It has been reported[1] that e-commerce giant Flipkart has lost an appeal against the Income Tax department (hereinafter referred as ‘I.T. dept.’) for classification of marketing expenditure and discounts. The Commissioner of Income Tax (Appeals) after hearing the arguments opined that such marketing expenditure and discounts cannot be treated as revenue expenditure because the same are expenses done to build the brand value of the corporation and thus, should be reclassified as capital expenditure.

Creation of market intangibles:

The I.T. dept. has been reported in the media[2] to claim that apart from influencing customer behavior, such high spending by e-commerce operators results in improving the goodwill and thereby creating intangible assets for the company, and hence, should be reclassified as capital expenditure. The I.T. dept. was also reported to be of the opinion that the discounts to customers, marketing expenses and advertising expenses create market intangibles for the company and therefore, such expenses should be considered as capital expenses for the company.

If such are expenses are allowed to be treated as revenue expenditure, it shall reduce the net income of the company which in effect will show that there have been losses on the sale of products and thus, will reduce the taxable income.
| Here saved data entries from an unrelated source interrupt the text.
Lemma pairable_matching u W : pairable u W -> has_perfect_matching u W.
Proof.
case=> p pW; apply/existsP; exists [set [set x; p x] | x in W]; apply/andP; split.
  apply/forallP=> e; apply/implyP=> /imsetP[x xW ->]; have [pxW px_x _ e_xpx] := pW x xW.
  by apply/existsP; exists x; apply/existsP; exists (p x); rewrite eq_sym px_x eqxx xW pxW.
apply/forallP=> z; apply/implyP=> zW; apply/cards1P; exists [set z; p z].
apply/setP=> e; rewrite in_set1 in_set; apply/andP/eqP=> [[/imsetP[x xW ->]]|->].
  have [_ _ ppx _] := pW x xW.
  by rewrite in_set2 => /orP[]/eqP->; rewrite ?ppx // setUC.
by split; [apply/imsetP; exists z | rewrite set21].
Qed.

Lemma matching_pairable u W : has_perfect_matching u W -> pairable u W.
Proof.
case/existsP=> M /andP[/forallP edgeM /forallP coverW].
have pair_edge x y : x != y -> [set x; y] \in M -> (y \in W) && edge u x y.
  move=> xy /(implyP (edgeM _))/existsP[a /existsP[b /and5P[ab /eqP Exy aW bW eab]]].
  have: (x \in [set a; b]) && (y \in [set a; b]) by rewrite -Exy set21 set22.
  rewrite !in_set2 => /andP[/orP[]/eqP xE /orP[]/eqP yE]; subst x y;
    rewrite ?eqxx // in xy; by rewrite ?aW ?bW ?eab // edge_sym eab.
have edge_of x e1 e2 :
    x \in W -> e1 \in M -> e2 \in M -> x \in e1 -> x \in e2 -> e1 = e2.
  move=> xW e1M e2M xe1 xe2; have /cards1P[e Ee] := implyP (coverW x) xW.
  have: e1 \in [set e in M | x \in e] by rewrite in_set e1M.
  have: e2 \in [set e in M | x \in e] by rewrite in_set e2M.
  by rewrite Ee !in_set1 => /eqP-> /eqP->.
have partner x : x \in W -> exists y, (y != x) && ([set x; y] \in M).
  move=> xW; have /cards1P[e Ee] := implyP (coverW x) xW.
  have: e \in [set e in M | x \in e] by rewrite Ee set11.
  rewrite in_set => /andP[eM]; have := implyP (edgeM e) eM.
  case/existsP=> a /existsP[b /and5P[ab /eqP Eab _ _ _]].
  rewrite Eab in_set2 => /orP[]/eqP xE.
    by exists b; rewrite xE eq_sym ab -Eab.
  by exists a; rewrite xE ab setUC -Eab.
pose p x := odflt x [pick y | (y != x) && ([set x; y] \in M)].
have pP x : x \in W -> (p x != x) && ([set x; p x] \in M).
  by case/partner=> y xy; rewrite /p; case: pickP => [//|/(_ y)]; rewrite xy.
exists p => x xW; have /andP[px_x xM] := pP x xW.
have /andP[pxW e_xpx] : (p x \in W) && edge u x (p x) by rewrite pair_edge // eq_sym.
split=> //; have /andP[ppx_px pxM] := pP _ pxW.
have E : [set p x; p (p x)] = [set p x; x].
  by apply: (edge_of _ _ _ pxW pxM); rewrite ?set21 // setUC.
have: p (p x) \in [set p x; x] by rewrite -E set22.
by rewrite in_set2 (negbTE ppx_px) => /eqP.
Qed.

Lemma pairable0 u : pairable u set0.
Proof. by exists id => x; rewrite in_set0. Qed.

Lemma pairable2 u a b : a != b -> edge u a b -> pairable u [set a; b].
Proof.
move=> ab eab; exists (fun z => if z == a then b else a) => z.
have ba : (b == a) = false by rewrite eq_sym (negbTE ab).
by rewrite in_set2 => /orP[]/eqP->; rewrite ?eqxx ?ba ?set21 ?set22 ?eqxx // edge_sym.
Qed.

Lemma pairableU u W1 W2 :
  [disjoint W1 & W2] -> pairable u W1 -> pairable u W2 -> pairable u (W1 :|: W2).
Proof.
move=> dW [p1 pW1] [p2 pW2]; exists (fun z => if z \in W1 then p1 z else p2 z) => z.
rewrite in_setU; case: ifPn => [zW1 _ | zW1 /= zW2].
  by have [pzW ? pp ?] := pW1 z zW1; rewrite pzW pp in_setU pzW.
have [pzW ? pp ?] := pW2 z zW2.
by rewrite (disjointFl dW pzW) pp in_setU pzW orbT.
Qed.

Lemma sub_pairable u u' W : subrel (edge u) (edge u') -> pairable u W -> pairable u' W.
Proof. by move=> sE [p pW]; exists p => x /pW[? ? ? /sE]. Qed.

Lemma pairable_complete u (A B X Y : {set V}) :
  (forall a b, a \in A -> b \in B -> edge u a b) -> [disjoint A & B] ->
  X \subset A -> Y \subset B -> #|X| = #|Y| -> pairable u (X :|: Y).
Proof.
move=> eAB dAB; have [n] := ubnP #|X|; elim: n X Y => // n IHn X Y.
rewrite ltnS => leXn sXA sYB cXY.
have [X0|[x xX]] := set_0Vmem X.
  move: cXY; rewrite X0 cards0 => /esym/cards0_eq->; rewrite setU0; exact: pairable0.
have [y yY] : exists y, y \in Y.
  by apply/set0Pn; rewrite -card_gt0 -cXY card_gt0; apply/set0Pn; exists x.
have xA := subsetP sXA x xX; have yB := subsetP sYB y yY.
rewrite -(setD1K xX) -(setD1K yY) setUACA; apply: pairableU.
- have xY : x \in Y = false := contraFF (subsetP sYB x) (disjointFr dAB xA).
  have yX : y \in X = false := contraFF (subsetP sXA y) (disjointFl dAB yB).
  rewrite disjoints_subset; apply/subsetP=> z; rewrite in_setC !in_setU !in_set1 !in_setD1.
  by case/orP=> /eqP->; rewrite eqxx ?xY ?yX !andbF.
- by apply: pairable2; [apply: contraTneq yB => <-; rewrite (disjointFr dAB xA) | exact: eAB].
- apply: IHn.
  + by apply: leq_trans leXn; rewrite (cardsD1 x X) xX.
  + exact: subset_trans (subD1set X x) sXA.
  + exact: subset_trans (subD1set Y y) sYB.
  + by move: cXY; rewrite (cardsD1 x) (cardsD1 y Y) xX yY => -[].
Qed.

Lemma kfeasibleP u k S :
  kfeasible u k S <->
  [/\ S \subset vset u, vset u :\: ts u \subset cnbhd u S &
      exists2 X : {set V}, X \subset S :&: ts u & #|X| = k /\ pairable u (S :\: X)].
Proof.
split=> [/and3P[sS domS /existsP[X /and3P[sX /eqP cX /matching_pairable pX]]]|].
  by split=> //; exists X.
case=> sS domS [X sX [cX pX]]; apply/and3P; split=> //; apply/existsP; exists X.
by rewrite sX cX eqxx pairable_matching.
Qed.

Lemma kfeasible_leq_ts u k S : kfeasible u k S -> k <= #|ts u|.
Proof.
by case/kfeasibleP=> _ _ [X sX [<- _]]; apply/subset_leq_card/(subset_trans sX)/subsetIr.
Qed.

Lemma gamma_le u k S : kfeasible u k S -> gamma u k <= #|S|.
Proof. exact: (@bigmin_le_cond _ nat). Qed.

Lemma hmin_le u k : k <= #|ts u| -> hmin u <= gamma u k.
Proof. by move=> k_le; apply: (@bigmin_le _ nat _ _ (Ordinal (k_le : k < #|ts u|.+1))). Qed.

Lemma hmin_gamma u : exists2 k, k <= #|ts u| & hmin u = gamma u k.
Proof.
have gamma_bound (k : 'I_#|ts u|.+1) : xpredT k -> gamma u k <= #|V|.+1.
  by move=> _; apply: (@bigmin_le_id _ nat).
rewrite /hmin; have [k _ ->] := @eq_bigmin _ nat _ _ ord0 xpredT _ isT gamma_bound.
by exists k; rewrite // -ltnS ltn_ord.
Qed.

Lemma halpha_le u : halpha u <= #|ts u|.
Proof. exact: (@bigmin_le_id _ nat). Qed.

Lemma hbeta_le u : hbeta u <= #|ts u|.
Proof. by apply/bigmax_leqP=> k _; rewrite -ltnS. Qed.

Definition matched W p (A B : {set V}) := [set x in W | (x \in A) && (p x \in B)].

Lemma in_matched W p A B x :
  (x \in matched W p A B) = [&& x \in W, x \in A & p x \in B].
Proof. by rewrite in_set. Qed.

Lemma pairs_matched u u' W p (A : {set V}) :
  (forall x y, x \in A -> y \in A -> edge u x y -> edge u' x y) ->
  pairs u W p -> pairs u' (matched W p A A) p.
Proof.
move=> sE pW x; rewrite in_matched => /and3P[xW xA pxA]; have [pxW px_x ppx e] := pW x xW.
by split=> //; [rewrite in_matched pxW ppx pxA | exact: sE].
Qed.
Flipkart had thus, been treating such expenses as revenue expenditure. However, as per the tax department’s standpoint, since the expenditure is building goodwill, it is a capital expenditure and it should not be deducted from revenue. It should rather be shown as assets in the balance sheet from which only depreciation should be deducted.

Flipkart is expected to soon challenge this ruling at Income Tax Appellate Tribunal.


Such ruling could also seriously impact how much e-commerce players are spending towards their marketing cost and how much discounts are availed by such e-commerce players to the final consumers.